> _DATA EXTRACTS_:
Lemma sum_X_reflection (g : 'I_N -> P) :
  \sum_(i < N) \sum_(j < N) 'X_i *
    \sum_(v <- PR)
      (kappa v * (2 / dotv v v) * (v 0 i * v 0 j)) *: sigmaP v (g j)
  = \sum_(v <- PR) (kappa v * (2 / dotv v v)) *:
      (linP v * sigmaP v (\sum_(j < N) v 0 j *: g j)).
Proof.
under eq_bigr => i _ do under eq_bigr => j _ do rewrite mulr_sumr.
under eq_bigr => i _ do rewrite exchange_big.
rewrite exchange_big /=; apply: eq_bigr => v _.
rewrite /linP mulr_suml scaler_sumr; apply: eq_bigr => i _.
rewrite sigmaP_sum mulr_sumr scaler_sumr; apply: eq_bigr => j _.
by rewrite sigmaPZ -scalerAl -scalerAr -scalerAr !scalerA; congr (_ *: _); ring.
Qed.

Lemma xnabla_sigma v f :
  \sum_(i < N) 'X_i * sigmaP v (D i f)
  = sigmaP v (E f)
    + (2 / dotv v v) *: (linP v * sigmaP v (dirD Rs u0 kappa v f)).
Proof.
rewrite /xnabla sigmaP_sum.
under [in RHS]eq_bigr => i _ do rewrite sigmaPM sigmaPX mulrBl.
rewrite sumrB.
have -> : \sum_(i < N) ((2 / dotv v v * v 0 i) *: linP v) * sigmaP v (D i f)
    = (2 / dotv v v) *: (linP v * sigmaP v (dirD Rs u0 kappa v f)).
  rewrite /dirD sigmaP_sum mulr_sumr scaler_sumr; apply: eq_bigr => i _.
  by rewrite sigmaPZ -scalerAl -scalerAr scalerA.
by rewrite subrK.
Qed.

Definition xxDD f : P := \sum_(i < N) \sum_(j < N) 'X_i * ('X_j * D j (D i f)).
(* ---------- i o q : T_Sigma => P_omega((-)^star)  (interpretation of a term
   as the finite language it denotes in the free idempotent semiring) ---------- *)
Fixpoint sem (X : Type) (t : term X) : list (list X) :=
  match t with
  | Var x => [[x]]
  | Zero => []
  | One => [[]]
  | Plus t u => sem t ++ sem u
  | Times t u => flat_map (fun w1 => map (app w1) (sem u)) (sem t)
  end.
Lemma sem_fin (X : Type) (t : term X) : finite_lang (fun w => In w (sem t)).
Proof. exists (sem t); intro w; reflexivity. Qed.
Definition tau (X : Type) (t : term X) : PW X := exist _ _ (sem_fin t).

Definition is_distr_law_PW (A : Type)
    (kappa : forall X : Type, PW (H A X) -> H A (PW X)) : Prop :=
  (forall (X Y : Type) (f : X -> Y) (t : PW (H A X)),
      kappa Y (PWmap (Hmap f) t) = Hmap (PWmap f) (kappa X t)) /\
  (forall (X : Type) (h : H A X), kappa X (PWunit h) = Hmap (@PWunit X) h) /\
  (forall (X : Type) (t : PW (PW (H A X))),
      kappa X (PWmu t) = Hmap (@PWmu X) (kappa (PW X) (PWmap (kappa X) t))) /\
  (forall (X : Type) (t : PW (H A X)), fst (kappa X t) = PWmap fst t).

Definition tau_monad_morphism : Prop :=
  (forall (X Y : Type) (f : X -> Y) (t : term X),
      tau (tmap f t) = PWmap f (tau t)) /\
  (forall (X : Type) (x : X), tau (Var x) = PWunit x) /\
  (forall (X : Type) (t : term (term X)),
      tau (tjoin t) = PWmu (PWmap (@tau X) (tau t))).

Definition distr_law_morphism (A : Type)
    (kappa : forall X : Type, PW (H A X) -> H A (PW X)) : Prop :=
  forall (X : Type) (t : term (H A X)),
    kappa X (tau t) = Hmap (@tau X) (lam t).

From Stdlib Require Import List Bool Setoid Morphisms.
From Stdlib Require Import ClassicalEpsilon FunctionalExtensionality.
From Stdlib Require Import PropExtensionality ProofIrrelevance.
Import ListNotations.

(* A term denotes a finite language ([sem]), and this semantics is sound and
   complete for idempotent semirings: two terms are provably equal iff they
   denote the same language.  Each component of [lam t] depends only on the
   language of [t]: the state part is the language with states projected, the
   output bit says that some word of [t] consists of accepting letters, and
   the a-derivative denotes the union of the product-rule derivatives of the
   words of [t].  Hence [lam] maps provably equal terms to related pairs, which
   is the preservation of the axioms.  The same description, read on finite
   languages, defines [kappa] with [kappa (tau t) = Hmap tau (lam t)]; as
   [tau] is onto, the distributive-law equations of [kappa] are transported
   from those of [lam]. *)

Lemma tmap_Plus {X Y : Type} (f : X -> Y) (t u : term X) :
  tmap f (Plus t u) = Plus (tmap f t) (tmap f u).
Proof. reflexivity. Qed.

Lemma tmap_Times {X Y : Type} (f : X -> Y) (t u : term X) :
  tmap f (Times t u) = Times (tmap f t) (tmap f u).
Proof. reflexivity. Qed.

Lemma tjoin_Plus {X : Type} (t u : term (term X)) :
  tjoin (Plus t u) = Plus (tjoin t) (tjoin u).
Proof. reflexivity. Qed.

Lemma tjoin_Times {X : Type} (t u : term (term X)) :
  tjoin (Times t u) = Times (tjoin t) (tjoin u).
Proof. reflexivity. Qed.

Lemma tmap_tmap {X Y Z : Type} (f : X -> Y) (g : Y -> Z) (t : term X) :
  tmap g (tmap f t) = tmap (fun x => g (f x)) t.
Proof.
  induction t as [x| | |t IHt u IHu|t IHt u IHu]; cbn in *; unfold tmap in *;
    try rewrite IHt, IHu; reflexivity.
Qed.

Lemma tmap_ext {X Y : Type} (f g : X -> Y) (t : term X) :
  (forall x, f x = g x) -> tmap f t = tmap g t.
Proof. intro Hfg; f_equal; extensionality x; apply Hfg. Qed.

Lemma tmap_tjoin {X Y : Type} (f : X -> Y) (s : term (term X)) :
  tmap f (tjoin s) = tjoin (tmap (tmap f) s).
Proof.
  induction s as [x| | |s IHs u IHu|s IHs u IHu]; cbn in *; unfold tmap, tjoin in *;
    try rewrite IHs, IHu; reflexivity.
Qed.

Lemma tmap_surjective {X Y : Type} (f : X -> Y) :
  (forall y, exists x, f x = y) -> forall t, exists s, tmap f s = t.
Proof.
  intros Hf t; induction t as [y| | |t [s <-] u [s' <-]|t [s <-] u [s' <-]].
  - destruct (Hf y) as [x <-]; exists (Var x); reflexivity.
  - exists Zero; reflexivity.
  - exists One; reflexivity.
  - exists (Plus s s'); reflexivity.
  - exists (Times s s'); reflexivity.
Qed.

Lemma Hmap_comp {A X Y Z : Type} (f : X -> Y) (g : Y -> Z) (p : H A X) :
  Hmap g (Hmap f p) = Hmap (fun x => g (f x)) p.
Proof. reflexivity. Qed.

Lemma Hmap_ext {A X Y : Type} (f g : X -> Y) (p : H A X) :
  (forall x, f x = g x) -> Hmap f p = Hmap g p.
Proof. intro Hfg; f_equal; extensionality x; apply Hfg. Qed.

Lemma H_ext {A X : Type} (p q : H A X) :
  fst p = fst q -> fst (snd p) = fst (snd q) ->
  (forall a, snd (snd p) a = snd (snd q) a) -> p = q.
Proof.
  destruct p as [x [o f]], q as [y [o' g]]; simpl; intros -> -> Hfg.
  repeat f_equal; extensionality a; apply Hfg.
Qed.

> _ASSIGNMENT_:
Print only these lines, please. They run from the start of the entries above to the line containing "have -> : \sum_(i", both ends included, and must match exactly.

> _RESULT FOR THIS TASK_:
Lemma sum_X_reflection (g : 'I_N -> P) :
  \sum_(i < N) \sum_(j < N) 'X_i *
    \sum_(v <- PR)
      (kappa v * (2 / dotv v v) * (v 0 i * v 0 j)) *: sigmaP v (g j)
  = \sum_(v <- PR) (kappa v * (2 / dotv v v)) *:
      (linP v * sigmaP v (\sum_(j < N) v 0 j *: g j)).
Proof.
under eq_bigr => i _ do under eq_bigr => j _ do rewrite mulr_sumr.
under eq_bigr => i _ do rewrite exchange_big.
rewrite exchange_big /=; apply: eq_bigr => v _.
rewrite /linP mulr_suml scaler_sumr; apply: eq_bigr => i _.
rewrite sigmaP_sum mulr_sumr scaler_sumr; apply: eq_bigr => j _.
by rewrite sigmaPZ -scalerAl -scalerAr -scalerAr !scalerA; congr (_ *: _); ring.
Qed.

Lemma xnabla_sigma v f :
  \sum_(i < N) 'X_i * sigmaP v (D i f)
  = sigmaP v (E f)
    + (2 / dotv v v) *: (linP v * sigmaP v (dirD Rs u0 kappa v f)).
Proof.
rewrite /xnabla sigmaP_sum.
under [in RHS]eq_bigr => i _ do rewrite sigmaPM sigmaPX mulrBl.
rewrite sumrB.
have -> : \sum_(i < N) ((2 / dotv v v * v 0 i) *: linP v) * sigmaP v (D i f)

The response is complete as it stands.